Showing posts with label truth. Show all posts
Showing posts with label truth. Show all posts

Sunday

The Odd and the Crazy


"You have to distinguish between things that seemed odd when they were new but are now quite familiar, such as Ibsen and Wagner, and things that seemed crazy when they were new and seem crazy now, like Finnegan's Wake and Picasso." - Philip Larkin

A good friend of mine sent me this quote, and it seems particularly appropriate today, to the art world as a whole, and even the world at large. My husband, a classical realist painter, (who is also responsible for the beautiful photograph at left), wondered aloud yesterday evening if his latest paintings might be rejected for their somewhat morbid oddity. They are a series of beautifully rendered fowl, and  parts of fowl. They are exquisite, though some are a bit eerie to behold, with their bodiless heads and wings, now resting flightless and soundless on fragile bones spread before you. They are birds whose heads and wings I see only briefly in life, before they are severed and tossed away, and I have never looked closely at them until Richard requested I buy our hens and pheasants intact at the market.

Sometimes he paints the entire body, as with our latest  faison, but usually he paints only the head, wings, and feet, the body already having been made into dinner. Experiencing this act of looking closely at our food, a teaching of Michael Pollan among others, is important to us. If we can't look at the animals we consume, inspect every part, understand the value of the life they lived, how and what they ate, then see and consider them in death - how the feathers feel, how the neck becomes flaccid and almost pathetic in the hand - if we can't do that, well, then, what business do we have eating them? Thus, it is important to look, and therefore that eerie quality in Richard's paintings is there for a reason. It reminds us. It connects us to our food, and we can't look away from that. So I say to him, yes they are odd, but they are beautiful too. And the oddness has become familiar to me, because I see it, and I understand. This is part of what makes them great art.
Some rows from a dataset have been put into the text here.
Lemma wsim_rcons_size n k A B :
  size A + size B < n -> wsim A B -> wsim (rcons A k) (rcons B k).
Proof.
elim: n A B => // n IHn A B sizeAB.
set m := minsym (rcons A k ++ rcons B k).
have mAkBk : {in rcons A k ++ rcons B k, forall s, m <= s} by move=> s; exact: minsym_le.
have mAB : {in A ++ B, forall s, m <= s}.
  by move=> s sAB; apply: mAkBk; move: sAB; rewrite !mem_cat !mem_rcons !inE => /orP[] ->; rewrite ?orbT.
rewrite (wsim_top_parts mAB) (wsim_top_parts mAkBk).
have [PA [a [EA EAk]]] := parts_rcons m A k.
have [PB [b [EB EBk]]] := parts_rcons m B k.
rewrite EAk EBk EA EB; case: eqP => [km|/eqP nkm].
  by rewrite !(right_maxima_rcons_bot _ wleb_nil) lexeq_rcons wleb_refl => ->.
have mAB' : (m \in A) || (m \in B).
  have AkBk : rcons A k ++ rcons B k != [::] by case: (A).
  by have := minsym_mem AkBk; rewrite -/m mem_cat !mem_rcons !inE eq_sym (negbTE nkm).
have ap : a \in parts m A by rewrite EA mem_rcons mem_head.
have bp : b \in parts m B by rewrite EB mem_rcons mem_head.
have countAB : 0 < count_mem m A + count_mem m B.
  by rewrite -count_cat -has_count has_pred1 mem_cat.
have sizeab : size a + size b < n by have := size_parts ap; have := size_parts bp; lia.
move=> eqAB; have /andP[ab ba] : wleb a b && wleb b a.
  by move: eqAB; rewrite !right_maxima_rcons lexeq_rcons => /andP[].
have [/wlebP akbk /wlebP bkak] : wsim (rcons a k) (rcons b k).
  by apply: IHn sizeab _; split; apply/wlebP.
exact: (lexeq_right_maxima_rcons wleb_trans (wleb_rcons a k) (wleb_rcons b k) akbk bkak eqAB).
Qed.

Theorem lemma3 (k : nat) (A B : word) :
  wsim A B -> wsim (rcons A k) (rcons B k).
Proof. exact: wsim_rcons_size (ltnSn _). Qed.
What is crazy, and what always seemed to be so to me, is the blindness and complacency of man. People who accept whatever comes their way, be it a vacuum packed bird which led a life of imprisonment in a tiny cage wallowing in and eating its own merde, a dangerous vaccine, bad design, filthy sidewalks, propaganda to make them buy anything and everything, (you too can have fake eyelashes!) and of course, ridiculous, unskilled, very bad "art". An example which always comes to mind is Jeff Koons (who has never even held a paintbrush). So, hey, even though the world has given us masters like Degas and Rembrandt, who spent a lifetime learning the skills which made them great, why don't we just include in that category we call Art a large, inflatable pink rabbit? It doesn't matter that he didn't make it himself, or that it's absurd and insults your intelligence; it's art now! And you should pay a million dollars for it! Sadly, people do. They do pay, and they accept the crazy as the norm, because we have allowed a few marketing gurus and businessmen to tell us how to think. Now that's crazy. The truth is, Jeff Koons seemed crazy in the 70's and he seems crazy now.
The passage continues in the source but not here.